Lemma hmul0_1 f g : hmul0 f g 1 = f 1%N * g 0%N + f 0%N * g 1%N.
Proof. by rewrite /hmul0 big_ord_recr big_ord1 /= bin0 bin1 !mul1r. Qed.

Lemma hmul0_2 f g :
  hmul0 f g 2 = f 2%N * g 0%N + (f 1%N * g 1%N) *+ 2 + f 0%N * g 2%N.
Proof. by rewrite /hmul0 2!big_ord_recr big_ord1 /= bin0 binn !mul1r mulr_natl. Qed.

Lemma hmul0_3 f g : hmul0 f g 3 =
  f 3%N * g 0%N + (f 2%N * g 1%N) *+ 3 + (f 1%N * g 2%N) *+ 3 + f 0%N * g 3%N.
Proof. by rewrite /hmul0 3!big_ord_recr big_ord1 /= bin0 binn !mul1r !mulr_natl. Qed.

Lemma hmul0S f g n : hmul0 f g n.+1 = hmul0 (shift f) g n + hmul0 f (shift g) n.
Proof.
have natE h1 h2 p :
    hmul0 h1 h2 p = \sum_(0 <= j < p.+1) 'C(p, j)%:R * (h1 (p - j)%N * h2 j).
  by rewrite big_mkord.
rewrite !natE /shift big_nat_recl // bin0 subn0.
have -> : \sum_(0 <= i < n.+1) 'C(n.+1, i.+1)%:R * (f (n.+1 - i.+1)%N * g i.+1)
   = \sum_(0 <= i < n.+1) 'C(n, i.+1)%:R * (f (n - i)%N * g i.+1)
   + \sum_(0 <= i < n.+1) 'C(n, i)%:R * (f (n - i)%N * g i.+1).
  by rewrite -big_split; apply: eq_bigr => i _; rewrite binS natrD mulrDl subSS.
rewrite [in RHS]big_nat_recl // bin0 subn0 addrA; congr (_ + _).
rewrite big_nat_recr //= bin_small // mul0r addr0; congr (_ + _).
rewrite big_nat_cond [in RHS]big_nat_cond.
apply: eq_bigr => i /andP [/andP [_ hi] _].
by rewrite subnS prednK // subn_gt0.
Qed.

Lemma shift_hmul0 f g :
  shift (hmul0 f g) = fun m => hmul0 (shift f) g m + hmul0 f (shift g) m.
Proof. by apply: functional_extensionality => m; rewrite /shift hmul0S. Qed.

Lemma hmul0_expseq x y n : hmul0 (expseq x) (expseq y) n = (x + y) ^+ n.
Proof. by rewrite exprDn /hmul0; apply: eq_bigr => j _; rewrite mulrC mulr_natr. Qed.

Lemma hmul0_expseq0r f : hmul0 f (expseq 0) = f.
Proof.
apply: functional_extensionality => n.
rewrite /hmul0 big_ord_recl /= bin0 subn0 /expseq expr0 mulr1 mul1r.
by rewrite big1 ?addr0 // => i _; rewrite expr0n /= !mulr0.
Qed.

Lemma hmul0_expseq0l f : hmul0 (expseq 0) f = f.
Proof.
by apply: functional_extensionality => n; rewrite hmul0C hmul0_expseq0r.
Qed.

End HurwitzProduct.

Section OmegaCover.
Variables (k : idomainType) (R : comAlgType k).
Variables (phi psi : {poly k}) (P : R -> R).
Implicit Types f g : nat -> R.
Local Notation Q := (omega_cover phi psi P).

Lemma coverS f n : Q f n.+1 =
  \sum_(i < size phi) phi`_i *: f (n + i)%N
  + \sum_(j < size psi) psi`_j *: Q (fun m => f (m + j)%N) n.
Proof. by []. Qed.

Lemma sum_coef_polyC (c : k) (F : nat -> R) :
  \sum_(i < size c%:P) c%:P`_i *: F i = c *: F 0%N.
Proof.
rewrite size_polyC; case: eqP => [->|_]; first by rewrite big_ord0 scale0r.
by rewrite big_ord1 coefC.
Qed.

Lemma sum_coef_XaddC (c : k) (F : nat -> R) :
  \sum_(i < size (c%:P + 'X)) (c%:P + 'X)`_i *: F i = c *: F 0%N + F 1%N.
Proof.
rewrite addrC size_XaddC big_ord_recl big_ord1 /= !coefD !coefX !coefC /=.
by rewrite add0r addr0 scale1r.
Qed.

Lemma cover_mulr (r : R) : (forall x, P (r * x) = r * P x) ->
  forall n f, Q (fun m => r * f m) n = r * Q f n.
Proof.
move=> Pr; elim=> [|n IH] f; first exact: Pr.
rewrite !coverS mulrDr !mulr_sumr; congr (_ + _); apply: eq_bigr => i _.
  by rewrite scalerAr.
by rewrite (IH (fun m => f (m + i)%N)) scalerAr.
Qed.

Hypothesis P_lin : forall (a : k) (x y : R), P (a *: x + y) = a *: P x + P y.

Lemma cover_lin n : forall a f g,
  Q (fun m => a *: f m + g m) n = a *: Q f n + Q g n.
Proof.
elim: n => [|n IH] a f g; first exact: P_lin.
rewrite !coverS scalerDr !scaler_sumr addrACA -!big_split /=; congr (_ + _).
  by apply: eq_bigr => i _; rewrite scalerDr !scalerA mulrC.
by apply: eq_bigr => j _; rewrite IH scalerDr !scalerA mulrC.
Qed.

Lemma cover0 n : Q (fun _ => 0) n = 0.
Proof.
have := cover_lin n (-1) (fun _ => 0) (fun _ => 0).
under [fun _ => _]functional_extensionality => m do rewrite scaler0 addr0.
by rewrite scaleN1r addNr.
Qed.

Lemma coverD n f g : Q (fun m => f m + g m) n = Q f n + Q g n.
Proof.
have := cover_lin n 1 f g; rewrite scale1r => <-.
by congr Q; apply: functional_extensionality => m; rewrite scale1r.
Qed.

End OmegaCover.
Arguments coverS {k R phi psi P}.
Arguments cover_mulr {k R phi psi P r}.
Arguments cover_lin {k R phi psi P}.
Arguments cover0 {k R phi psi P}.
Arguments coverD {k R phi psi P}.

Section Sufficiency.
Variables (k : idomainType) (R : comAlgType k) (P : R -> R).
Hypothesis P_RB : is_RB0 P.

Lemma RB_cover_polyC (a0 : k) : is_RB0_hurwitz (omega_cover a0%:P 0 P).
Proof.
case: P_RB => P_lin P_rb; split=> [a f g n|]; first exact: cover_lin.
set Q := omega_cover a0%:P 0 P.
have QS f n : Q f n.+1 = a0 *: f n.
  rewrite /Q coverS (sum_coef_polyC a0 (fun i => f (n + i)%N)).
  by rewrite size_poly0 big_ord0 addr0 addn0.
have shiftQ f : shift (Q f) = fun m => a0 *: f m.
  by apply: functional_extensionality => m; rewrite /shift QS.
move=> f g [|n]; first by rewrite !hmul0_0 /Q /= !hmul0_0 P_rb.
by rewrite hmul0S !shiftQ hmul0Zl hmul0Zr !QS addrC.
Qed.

**Exercise requirements:**
Give back every line of the listing where the word "natE" shows up.

**Worked solution:**
have natE h1 h2 p :
rewrite !natE /shift big_nat_recl // bin0 subn0.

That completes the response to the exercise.